GIVEN DATA:

Lemma staircase_apery x0 y0 :
  staircase sv sw Pv Pw x0 y0 -> ~ inS a d k c (phi a d k c x0 y0 - a).
Proof.
  intros HL0 [f [y [Hf [Hy Ez]]]].
  destruct (lincomb_AP_decomp a d f (Z.to_nat k) Hf) as [t [x [Et [Ht Hx]]]].
  rewrite Z2Nat.id in Hx by lia.
  assert (Hphi : phi a d k c x y <= t * a + x * d + y * c).
  { unfold phi; assert (ceil_div x k <= t) by (apply ceil_div_le; lia); nia. }
  destruct (staircase_descent x y ltac:(lia) Hy) as [x' [y' [HL [Hphi' [K HK]]]]].
  assert (Hdiv : (a | (x' - x0) * d + (y' - y0) * c)).
  { exists (K + (ceil_div x0 k - 1 - t)); unfold phi in Ez; nia. }
  destruct (staircase_congr_unique x' y' x0 y0 HL HL0 Hdiv); subst; lia.
Qed.

End Staircase.

Lemma continuant_facts a d c s q P m : 0 < a ->
  s_q_m_spec a d c s q m -> P_spec q P m ->
  forall i, 0 <= i -> i <= m + 1 ->
    (a | c * P (i - 1) - d * s (i - 1)) /\ (a | c * P i - d * s i) /\
    s (i - 1) * P i - s i * P (i - 1) = a /\
    0 <= P (i - 1) < P i /\ 0 <= s i < s (i - 1).
Proof.
  intros Ha [Hs1 [Hs0 [[K0 HK0] [_ [Hrec _]]]]] [HP1 [HP0 HPrec]].
  refine (natlike_ind _ _ _).
  - cbn; rewrite Hs1, HP1, HP0; intros _.
    split; [exists (- d); ring|]; split; [exists (- K0); lia|]; lia.
  - intros i Hi IH Hi1; unfold Z.succ in *.
    destruct (IH ltac:(lia)) as [[K1 HK1] [[K2 HK2] [Hdet [HPi Hsi]]]].
    replace (i + 1 - 1) with i by ring.
    destruct (Hrec i ltac:(lia)) as [Es Hs].
    pose proof (HPrec i ltac:(lia)) as EP.
    set (Q := q (i + 1)) in *.
    assert (Es' : s (i + 1) = Q * s i - s (i - 1)) by lia.
    assert (HQ : 2 <= Q) by nia.
    split; [exists K2; exact HK2|].
    split; [exists (Q * K2 - K1); rewrite Es', EP; nia|].
    split; [rewrite Es', EP; nia|].
    split; [nia | lia].
Qed.

Lemma R_eq a d k c s P i N : 0 < a -> c * P i - d * s i = N * a ->
  R a d k c s P i = s i - k * N.
Proof.
  intros Ha HN; unfold R.
  replace ((a + k * d) * s i - k * c * P i) with (a * s i - k * (c * P i - d * s i)) by ring.
  rewrite HN; replace (a * s i - k * (N * a)) with ((s i - k * N) * a) by ring.
  apply Z.div_mul; lia.
Qed.

Theorem lemma5 (a d k c : Z) (s q P : Z -> Z) (m v g x1 y1 : Z) :
  0 < a -> 0 < d -> 0 < c -> 2 <= k ->
  gcd_gens a d k c = 1 -> Z.gcd a d = 1 ->
  s_q_m_spec a d c s q m ->
  P_spec q P m ->
  v_spec a d k c s P m v ->
  is_frobenius a d k c g ->
  pseudo_symmetric a d k c g ->
  inL s P v x1 y1 ->
  phi a d k c x1 y1 = g / 2 + a ->
  (y1 = 0 \/ ~ inL s P v x1 (y1 + 1)) /\
  (x1 < k \/ ~ inL s P v (x1 + k) y1) /\
  (x1 = 0 \/ ~ inL s P v (x1 + 1) y1 \/ x1 mod k = 1 mod k).
Proof.
  intros Ha Hd Hc Hk _ Had Hsq HPq [Hv [HRw HRv]] _ Hps HL Hphi.
  destruct (continuant_facts a d c s q P m Ha Hsq HPq (v + 1) ltac:(lia) ltac:(lia))
    as [[Nv HNv] [[Nw HNw] [Hdet [HP Hs]]]].
  replace (v + 1 - 1) with v in * by ring.
  rewrite (R_eq _ _ _ _ _ _ _ _ Ha HNv) in HRv.
  rewrite (R_eq _ _ _ _ _ _ _ _ Ha HNw) in HRw.
  assert (Apery : forall x y, inL s P v x y -> ~ inS a d k c (phi a d k c x y - a)).
  { intros x y; apply (staircase_apery a d k c _ _ _ _ Nv Nw); lia. }
  pose proof (pseudo_symmetric_half_add _ _ _ _ _ Hps) as Hadd.
  split; [|split].
  - right; intros HL'; apply (Apery _ _ HL').
    rewrite phi_succ_y, Hphi; replace (g / 2 + a + c - a) with (g / 2 + c) by ring.
    apply Hadd; [lia | apply inS_add_c].
  - right; intros HL'; apply (Apery _ _ HL').
    rewrite phi_add_k, Hphi by lia.
    replace (g / 2 + a + (a + k * d) - a) with (g / 2 + (a + Z.of_nat (Z.to_nat k) * d))
      by (rewrite Z2Nat.id; lia).
    apply Hadd; [nia | intros z; apply inS_add_gen; lia].
  - destruct (Z.eq_dec x1 0) as [|Hx1]; [now left | right].
    destruct (Z.eq_dec (x1 mod k) 0) as [H0|H0];
      [|destruct (Z.eq_dec (x1 mod k) (1 mod k)) as [H1|H1]; [now right|]];
      left; intros HL'; apply (Apery _ _ HL').
    + rewrite phi_succ_x_mod0, Hphi by lia.
      replace (g / 2 + a + (a + d) - a) with (g / 2 + (a + Z.of_nat 1 * d)) by lia.
      apply Hadd; [lia | intros z; apply inS_add_gen; lia].
    + rewrite phi_succ_x, Hphi by lia.
      destruct (pseudo_symmetric_half_pm _ _ _ _ _ Hps d ltac:(lia)) as [Hin|Hin].
      * now replace (g / 2 + a + d - a) with (g / 2 + d) by ring.
      * exfalso; apply (Apery (x1 - 1) y1); [apply staircase_pred_x; [exact HL | unfold inL in HL; lia]|].
        rewrite phi_pred_x, Hphi by lia.
        now replace (g / 2 + a - d - a) with (g / 2 - d) by ring.
Qed.
Lemma regular_nondeviating : regular (fun w => ~ deviates U [::] true w).
Proof.
exists _, (inl (q0, true, false)), deviation_step, (fun s => s != inr true) => w.
by rewrite -(trackingP [::]); split=> /eqP.
Qed.

End DeviationAutomaton.

Theorem mainTheorem19 (Sig Gam : finType) (U : lang Sig Gam) :
  (forall w, U w -> inSG w) ->
  regular U ->
  SG_prefix_closed U ->
  regular (maxsync (TofU U)).
Proof.
move=> U_SG U_regular U_closed; have [Q [q0 [dl [FU U_dfa]]]] := U_regular.
apply: regular_ext (regular_and (regular_TofU U_regular) (regular_nondeviating U_dfa)) => w.
split=> [[Tw nodev] | max]; first exact/(maxsyncE U_SG U_closed U_regular Tw).
by case: (max) => Tw _; split=> //; apply/(maxsyncE U_SG U_closed U_regular Tw).
Qed.
(* Let $d\ge 3$. An $\mathcal L_d$-structure $\mathcal M$ with domain $\mathbb M$ is a model of $\mathrm{PQM}_d$ if and only if there exists a strong $\mathcal L_d$-morphism $\kappa:\mathbb M\to\mathbb H_d$ from $\mathcal M$ to $\mathcal H_d$ such that $\kappa(\mathbb M)\ne\{\bot\}$.
   Context: Notation. For $d\ge 1$, $\mathbb H_d$ is the set of complex linear subspaces of $\mathbb C^d$, ordered by inclusion $\le$, with $\top=\mathbb C^d$, $\bot=\{0\}$, $p^\bot$ the orthogonal complement, $p\wedge q=p\cap q$ and $p\vee q=p+q$. $\mathbb U_d$ is the set of unitary operators on $\mathbb C^d$, and for $U\in\mathbb U_d$, $p\in\mathbb H_d$, $U(p)=\{Uv: v\in p\}$. The Sasaki projection is $p\,\&\,q := q\cap(q^\bot+p)$. Subspaces $p,q$ are compatible iff $p=(p\wedge q)\vee(p\wedge q^\bot)$. Language $\mathcal L_d$: a first-order language without equality and without constants, having a unary function symbol $u_U$ for each $U\in\mathbb U_d$, a unary function symbol $\pi_q$ for each $q\in\mathbb H_d$, and a unary relation symbol $[\,\cdot:p]$ for each $p\in\mathbb H_d$. Theory $\mathrm{PQM}_d$ (over $\mathcal L_d$) has the following axioms, for all $p,q\in\mathbb H_d$ and $U\in\mathbb U_d$: ($\neg\bot$) $\exists x\,\neg[x:\bot]$; ($\top$) $\forall x\,[x:\top]$; ($\le$) if $p\le q$: $\forall x\,([x:p]\to[x:q])$; ($\wedge$) if $p,q$ are compatible: $\forall x\,([x:p]\wedge[x:q]\to[x:p\wedge q])$; ($\pi_i$) $\forall x\,([x:p]\to[\pi_q(x):p\,\&\,q])$; ($\pi_c$) if $p\le q$: $\forall x\,([\pi_p(\pi_q(x)):\bot]\to[\pi_p(x):\bot])$; ($\pi_\bot$) $\forall x\,([\pi_q(x):\bot]\to[x:q^\bot])$; ($u_i$) $\forall x\,([x:p]\to[u_U(x):U(p)])$; ($u_e$) $\forall x\,([u_U(x):p]\to[x:U^{-1}(p)])$. Hilbert model $\mathcal H_d$: the $\mathcal L_d$-structure with domain $\mathbb H_d$, $u_U^{\mathcal H_d}(x)=U(x)$, $\pi_q^{\mathcal H_d}(x)=x\,\&\,q$, and $[x:p]^{\mathcal H_d}$ holds iff $x\le p$. Strong $\mathcal L_d$-morphism: a map $\kappa:\mathbb M\to\mathbb H_d$ such that for all $m\in\mathbb M$: $[m:p]^{\mathcal M}\iff\kappa(m)\le p$ for every $p\in\mathbb H_d$; $\kappa(\pi_q^{\mathcal M}(m))=\kappa(m)\,\&\,q$ for every $q\in\mathbb H_d$; and $\kappa(u_U^{\mathcal M}(m))=U(\kappa(m))$ for every $U\in\mathbb U_d$. *)

From HB Require Import structures.
From mathcomp Require Import all_boot all_order all_algebra.
From mathcomp Require Import complex.
From mathcomp Require Import reals Rstruct.
Set Implicit Arguments. Unset Strict Implicit. Unset Printing Implicit Defensive.
Import Order.TTheory GRing.Theory Num.Theory.
Local Open Scope ring_scope.

Definition C : numClosedFieldType := (Rdefinitions.R)[i].

(* Conjugate transpose (vectors of C^d are row vectors 'rV[C]_d;
   the Hermitian inner product is <u,v> = u *m (v^* )^T). *)
Definition adjmx (m n : nat) (A : 'M[C]_(m, n)) : 'M[C]_(n, m) :=
  (map_mx Num.conj A)^T.

(* H_d: complex linear subspaces of C^d, represented by the canonical
   square matrix generating them (row space), i.e. A with <<A>> = A. *)
Definition subsp (d : nat) := {A : 'M[C]_d | genmx A == A}.

Lemma genmx_canon (d : nat) (A : 'M[C]_d) : genmx (genmx A) == genmx A.
Proof. by rewrite genmx_id. Qed.

Definition span (d : nat) (A : 'M[C]_d) : subsp d :=
  exist _ (genmx A) (genmx_canon A).

Definition sle (d : nat) (p q : subsp d) : Prop := (val p <= val q)%MS.
Definition sbot (d : nat) : subsp d := span 0.
Definition stop (d : nat) : subsp d := span 1%:M.
Definition smeet (d : nat) (p q : subsp d) : subsp d := span (val p :&: val q)%MS.
Definition sjoin (d : nat) (p q : subsp d) : subsp d := span (val p + val q)%MS.
Definition sorth (d : nat) (p : subsp d) : subsp d := span (kermx (adjmx (val p))).

Definition sasaki (d : nat) (p q : subsp d) : subsp d :=
  smeet q (sjoin (sorth q) p).

Definition compatible (d : nat) (p q : subsp d) : Prop :=
  p = sjoin (smeet p q) (smeet p (sorth q)).

Definition unitary (d : nat) := {U : 'M[C]_d | U *m adjmx U == 1%:M}.

(* U(p) = { U v : v in p }; U acts on column vectors v, so on the row
   vector v^T it acts as v^T |-> v^T *m U^T. *)
Definition uimg (d : nat) (U : unitary d) (p : subsp d) : subsp d :=
  span (val p *m (val U)^T).

Definition uinvimg (d : nat) (U : unitary d) (p : subsp d) : subsp d :=
  span (val p *m (invmx (val U))^T).

Local Close Scope ring_scope.

(* An L_d-structure: a nonempty domain with interpretations of the
   function symbols u_U (U in U_d), pi_q (q in H_d) and of the relation
   symbols [ . : p ] (p in H_d).  rel M p x  means  [x : p]. *)
Record Lstruct (d : nat) := LStruct {
  dom :> Type;
  dom_inhabited : inhabited dom;
  u_sym : unitary d -> dom -> dom;
  pi_sym : subsp d -> dom -> dom;
  rel : subsp d -> dom -> Prop }.
Arguments u_sym {d} M U x : rename.
Arguments pi_sym {d} M q x : rename.
Arguments rel {d} M p x : rename.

WHAT IS EXPECTED: In the material above, locate the line containing "replace (g / 2 + a + (a + d)" and the line containing "destruct (pseudo_symmetric_half_pm _". Transcribe exactly those two lines and every line between them, and nothing more.

ANSWER BOX:
      replace (g / 2 + a + (a + d) - a) with (g / 2 + (a + Z.of_nat 1 * d)) by lia.
      apply Hadd; [lia | intros z; apply inS_add_gen; lia].
    + rewrite phi_succ_x, Hphi by lia.
      destruct (pseudo_symmetric_half_pm _ _ _ _ _ Hps d ltac:(lia)) as [Hin|Hin].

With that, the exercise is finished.